[INSTRUCTIONS FOR THE TASK] Copy every record exactly as it appears in the data below.

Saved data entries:
(** Fix a cylinder [C_w] of generation [n = |w|] and put [h = f^n]. The map [h]
  sends [C_w] onto [[0,1)], so by the mean value theorem its derivative
  somewhere exceeds about [1/|C_w|]; bounded distortion spreads this lower
  bound (up to the constant [K]) over all of [C_w], which gives, for every
  cylinder [C_v],
        |C_{wv}| <= K |C_w| |C_v|                      (cylinder_product_bound).
  Shifting an orbit by [n] steps changes each word count [tau_u(x, M)] by at
  most [n], so once [n <= (eps/2)(M - m)] the map [h] sends [C_w ∩ G(M, eps/2)]
  into [G(M, eps)] (Gset_shift). Prefixing [w] to a cylinder cover [{C_v}] of
  [G(M, eps)] then covers [C_w ∩ G(M, eps/2)] with [s]-sum at most
  [K^s |C_w|^s] times larger (Ninf_pullback), and the hypothesis
  [N^s_oo(G(M_k, eps)) < c / K^s] yields the theorem for all large [k].
*)

From Stdlib Require Import Reals Lra Lia List ClassicalEpsilon.
Import ListNotations.
Open Scope R_scope.

Lemma valid_app : forall g w v, valid_word g w -> valid_word g v -> valid_word g (w ++ v).
Proof. intros g w v Hw Hv j Hj. apply in_app_or in Hj. destruct Hj; auto. Qed.

Section Cylinders.
Variables (a : nat -> R) (g : nat) (f : R -> R).
Hypothesis Hset : setting a g f.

[WORKED SOLUTION]
(** Fix a cylinder [C_w] of generation [n = |w|] and put [h = f^n]. The map [h]
  sends [C_w] onto [[0,1)], so by the mean value theorem its derivative
  somewhere exceeds about [1/|C_w|]; bounded distortion spreads this lower
  bound (up to the constant [K]) over all of [C_w], which gives, for every
  cylinder [C_v],
        |C_{wv}| <= K |C_w| |C_v|                      (cylinder_product_bound).
  Shifting an orbit by [n] steps changes each word count [tau_u(x, M)] by at
  most [n], so once [n <= (eps/2)(M - m)] the map [h] sends [C_w ∩ G(M, eps/2)]
  into [G(M, eps)] (Gset_shift). Prefixing [w] to a cylinder cover [{C_v}] of
  [G(M, eps)] then covers [C_w ∩ G(M, eps/2)] with [s]-sum at most
  [K^s |C_w|^s] times larger (Ninf_pullback), and the hypothesis
  [N^s_oo(G(M_k, eps)) < c / K^s] yields the theorem for all large [k].
*)

From Stdlib Require Import Reals Lra Lia List ClassicalEpsilon.
Import ListNotations.
Open Scope R_scope.

Lemma valid_app : forall g w v, valid_word g w -> valid_word g v -> valid_word g (w ++ v).
Proof. intros g w v Hw Hv j Hj. apply in_app_or in Hj. destruct Hj; auto. Qed.

Section Cylinders.
Variables (a : nat -> R) (g : nat) (f : R -> R).
Hypothesis Hset : setting a g f.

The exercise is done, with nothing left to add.